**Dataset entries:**

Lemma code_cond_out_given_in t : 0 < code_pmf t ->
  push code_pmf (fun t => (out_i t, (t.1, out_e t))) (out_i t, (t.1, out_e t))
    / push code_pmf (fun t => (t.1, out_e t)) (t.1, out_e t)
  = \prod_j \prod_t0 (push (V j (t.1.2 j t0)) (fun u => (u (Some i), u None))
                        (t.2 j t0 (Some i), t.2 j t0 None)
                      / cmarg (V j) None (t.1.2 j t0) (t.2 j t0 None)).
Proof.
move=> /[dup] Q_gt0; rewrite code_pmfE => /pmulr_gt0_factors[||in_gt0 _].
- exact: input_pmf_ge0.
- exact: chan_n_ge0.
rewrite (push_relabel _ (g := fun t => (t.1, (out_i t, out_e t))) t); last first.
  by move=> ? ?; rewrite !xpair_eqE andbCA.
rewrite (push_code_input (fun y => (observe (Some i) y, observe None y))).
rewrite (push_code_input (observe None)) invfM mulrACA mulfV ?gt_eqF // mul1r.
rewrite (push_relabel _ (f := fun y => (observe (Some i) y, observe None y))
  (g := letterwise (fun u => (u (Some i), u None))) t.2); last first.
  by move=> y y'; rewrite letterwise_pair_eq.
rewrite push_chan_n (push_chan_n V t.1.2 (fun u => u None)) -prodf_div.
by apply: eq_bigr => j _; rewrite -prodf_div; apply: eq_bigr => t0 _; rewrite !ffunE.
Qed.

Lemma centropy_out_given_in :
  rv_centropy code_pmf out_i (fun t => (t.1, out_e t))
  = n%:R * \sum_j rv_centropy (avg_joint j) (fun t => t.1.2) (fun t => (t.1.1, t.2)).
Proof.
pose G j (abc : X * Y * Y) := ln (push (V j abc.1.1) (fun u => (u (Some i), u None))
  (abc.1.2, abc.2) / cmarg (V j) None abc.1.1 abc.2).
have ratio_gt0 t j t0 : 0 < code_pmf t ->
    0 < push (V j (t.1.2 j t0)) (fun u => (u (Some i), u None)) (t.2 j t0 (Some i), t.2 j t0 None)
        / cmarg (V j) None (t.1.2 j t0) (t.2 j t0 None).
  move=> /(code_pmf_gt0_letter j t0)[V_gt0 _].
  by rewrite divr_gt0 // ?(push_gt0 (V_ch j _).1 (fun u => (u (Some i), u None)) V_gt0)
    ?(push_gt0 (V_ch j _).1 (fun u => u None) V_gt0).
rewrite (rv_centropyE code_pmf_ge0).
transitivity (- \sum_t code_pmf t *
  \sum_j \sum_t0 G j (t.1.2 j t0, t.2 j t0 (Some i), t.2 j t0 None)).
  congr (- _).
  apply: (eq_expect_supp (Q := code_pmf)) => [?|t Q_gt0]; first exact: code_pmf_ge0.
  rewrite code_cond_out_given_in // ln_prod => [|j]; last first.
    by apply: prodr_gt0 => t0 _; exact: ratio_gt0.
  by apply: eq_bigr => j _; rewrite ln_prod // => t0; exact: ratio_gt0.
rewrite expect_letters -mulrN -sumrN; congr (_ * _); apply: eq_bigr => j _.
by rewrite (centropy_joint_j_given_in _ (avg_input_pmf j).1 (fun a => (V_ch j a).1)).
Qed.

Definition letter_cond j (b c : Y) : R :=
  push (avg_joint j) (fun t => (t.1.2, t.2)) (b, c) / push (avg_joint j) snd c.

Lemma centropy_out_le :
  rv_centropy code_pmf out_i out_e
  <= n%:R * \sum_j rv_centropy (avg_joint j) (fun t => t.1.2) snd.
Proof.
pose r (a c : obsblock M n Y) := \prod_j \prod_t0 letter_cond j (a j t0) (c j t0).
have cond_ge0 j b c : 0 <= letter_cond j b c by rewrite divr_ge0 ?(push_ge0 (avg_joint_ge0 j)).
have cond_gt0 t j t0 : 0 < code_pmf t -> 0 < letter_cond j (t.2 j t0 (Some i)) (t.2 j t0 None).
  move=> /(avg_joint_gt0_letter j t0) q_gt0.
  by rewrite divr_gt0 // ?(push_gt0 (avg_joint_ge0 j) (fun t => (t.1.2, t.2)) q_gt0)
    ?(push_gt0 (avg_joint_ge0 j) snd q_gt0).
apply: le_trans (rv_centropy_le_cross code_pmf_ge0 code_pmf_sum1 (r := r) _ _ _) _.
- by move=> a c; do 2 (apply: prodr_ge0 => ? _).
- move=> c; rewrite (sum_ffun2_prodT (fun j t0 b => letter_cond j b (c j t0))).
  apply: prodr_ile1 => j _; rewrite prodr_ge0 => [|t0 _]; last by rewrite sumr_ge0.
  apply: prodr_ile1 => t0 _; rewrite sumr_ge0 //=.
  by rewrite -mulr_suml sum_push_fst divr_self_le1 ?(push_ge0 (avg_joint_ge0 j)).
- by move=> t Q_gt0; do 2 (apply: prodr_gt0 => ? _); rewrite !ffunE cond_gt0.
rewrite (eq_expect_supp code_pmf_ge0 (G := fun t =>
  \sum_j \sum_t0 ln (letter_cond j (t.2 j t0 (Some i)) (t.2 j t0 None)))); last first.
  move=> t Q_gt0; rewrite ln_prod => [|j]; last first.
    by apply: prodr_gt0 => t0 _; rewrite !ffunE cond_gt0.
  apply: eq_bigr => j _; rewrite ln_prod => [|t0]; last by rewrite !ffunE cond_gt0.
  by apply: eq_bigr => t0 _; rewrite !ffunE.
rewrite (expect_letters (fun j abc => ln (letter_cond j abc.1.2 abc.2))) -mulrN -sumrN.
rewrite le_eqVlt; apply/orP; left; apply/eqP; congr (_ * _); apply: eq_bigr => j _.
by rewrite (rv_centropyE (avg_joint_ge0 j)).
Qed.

**WORK ORDER:**
Set every line of the data down again, word for word.

**FINISHED TASK:**
Lemma code_cond_out_given_in t : 0 < code_pmf t ->
  push code_pmf (fun t => (out_i t, (t.1, out_e t))) (out_i t, (t.1, out_e t))
    / push code_pmf (fun t => (t.1, out_e t)) (t.1, out_e t)
  = \prod_j \prod_t0 (push (V j (t.1.2 j t0)) (fun u => (u (Some i), u None))
                        (t.2 j t0 (Some i), t.2 j t0 None)
                      / cmarg (V j) None (t.1.2 j t0) (t.2 j t0 None)).
Proof.
move=> /[dup] Q_gt0; rewrite code_pmfE => /pmulr_gt0_factors[||in_gt0 _].
- exact: input_pmf_ge0.
- exact: chan_n_ge0.
rewrite (push_relabel _ (g := fun t => (t.1, (out_i t, out_e t))) t); last first.
  by move=> ? ?; rewrite !xpair_eqE andbCA.
rewrite (push_code_input (fun y => (observe (Some i) y, observe None y))).
rewrite (push_code_input (observe None)) invfM mulrACA mulfV ?gt_eqF // mul1r.
rewrite (push_relabel _ (f := fun y => (observe (Some i) y, observe None y))
  (g := letterwise (fun u => (u (Some i), u None))) t.2); last first.
  by move=> y y'; rewrite letterwise_pair_eq.
rewrite push_chan_n (push_chan_n V t.1.2 (fun u => u None)) -prodf_div.
by apply: eq_bigr => j _; rewrite -prodf_div; apply: eq_bigr => t0 _; rewrite !ffunE.
Qed.

Lemma centropy_out_given_in :
  rv_centropy code_pmf out_i (fun t => (t.1, out_e t))
  = n%:R * \sum_j rv_centropy (avg_joint j) (fun t => t.1.2) (fun t => (t.1.1, t.2)).
Proof.
pose G j (abc : X * Y * Y) := ln (push (V j abc.1.1) (fun u => (u (Some i), u None))
  (abc.1.2, abc.2) / cmarg (V j) None abc.1.1 abc.2).
have ratio_gt0 t j t0 : 0 < code_pmf t ->
    0 < push (V j (t.1.2 j t0)) (fun u => (u (Some i), u None)) (t.2 j t0 (Some i), t.2 j t0 None)
        / cmarg (V j) None (t.1.2 j t0) (t.2 j t0 None).
  move=> /(code_pmf_gt0_letter j t0)[V_gt0 _].
  by rewrite divr_gt0 // ?(push_gt0 (V_ch j _).1 (fun u => (u (Some i), u None)) V_gt0)
    ?(push_gt0 (V_ch j _).1 (fun u => u None) V_gt0).
rewrite (rv_centropyE code_pmf_ge0).
transitivity (- \sum_t code_pmf t *
  \sum_j \sum_t0 G j (t.1.2 j t0, t.2 j t0 (Some i), t.2 j t0 None)).
  congr (- _).
  apply: (eq_expect_supp (Q := code_pmf)) => [?|t Q_gt0]; first exact: code_pmf_ge0.
  rewrite code_cond_out_given_in // ln_prod => [|j]; last first.
    by apply: prodr_gt0 => t0 _; exact: ratio_gt0.
  by apply: eq_bigr => j _; rewrite ln_prod // => t0; exact: ratio_gt0.
rewrite expect_letters -mulrN -sumrN; congr (_ * _); apply: eq_bigr => j _.
by rewrite (centropy_joint_j_given_in _ (avg_input_pmf j).1 (fun a => (V_ch j a).1)).
Qed.

Definition letter_cond j (b c : Y) : R :=
  push (avg_joint j) (fun t => (t.1.2, t.2)) (b, c) / push (avg_joint j) snd c.

Lemma centropy_out_le :
  rv_centropy code_pmf out_i out_e
  <= n%:R * \sum_j rv_centropy (avg_joint j) (fun t => t.1.2) snd.
Proof.
pose r (a c : obsblock M n Y) := \prod_j \prod_t0 letter_cond j (a j t0) (c j t0).
have cond_ge0 j b c : 0 <= letter_cond j b c by rewrite divr_ge0 ?(push_ge0 (avg_joint_ge0 j)).
have cond_gt0 t j t0 : 0 < code_pmf t -> 0 < letter_cond j (t.2 j t0 (Some i)) (t.2 j t0 None).
  move=> /(avg_joint_gt0_letter j t0) q_gt0.
  by rewrite divr_gt0 // ?(push_gt0 (avg_joint_ge0 j) (fun t => (t.1.2, t.2)) q_gt0)
    ?(push_gt0 (avg_joint_ge0 j) snd q_gt0).
apply: le_trans (rv_centropy_le_cross code_pmf_ge0 code_pmf_sum1 (r := r) _ _ _) _.
- by move=> a c; do 2 (apply: prodr_ge0 => ? _).
- move=> c; rewrite (sum_ffun2_prodT (fun j t0 b => letter_cond j b (c j t0))).
  apply: prodr_ile1 => j _; rewrite prodr_ge0 => [|t0 _]; last by rewrite sumr_ge0.
  apply: prodr_ile1 => t0 _; rewrite sumr_ge0 //=.
  by rewrite -mulr_suml sum_push_fst divr_self_le1 ?(push_ge0 (avg_joint_ge0 j)).
- by move=> t Q_gt0; do 2 (apply: prodr_gt0 => ? _); rewrite !ffunE cond_gt0.
rewrite (eq_expect_supp code_pmf_ge0 (G := fun t =>
  \sum_j \sum_t0 ln (letter_cond j (t.2 j t0 (Some i)) (t.2 j t0 None)))); last first.
  move=> t Q_gt0; rewrite ln_prod => [|j]; last first.
    by apply: prodr_gt0 => t0 _; rewrite !ffunE cond_gt0.
  apply: eq_bigr => j _; rewrite ln_prod => [|t0]; last by rewrite !ffunE cond_gt0.
  by apply: eq_bigr => t0 _; rewrite !ffunE.
rewrite (expect_letters (fun j abc => ln (letter_cond j abc.1.2 abc.2))) -mulrN -sumrN.
rewrite le_eqVlt; apply/orP; left; apply/eqP; congr (_ * _); apply: eq_bigr => j _.
by rewrite (rv_centropyE (avg_joint_ge0 j)).
Qed.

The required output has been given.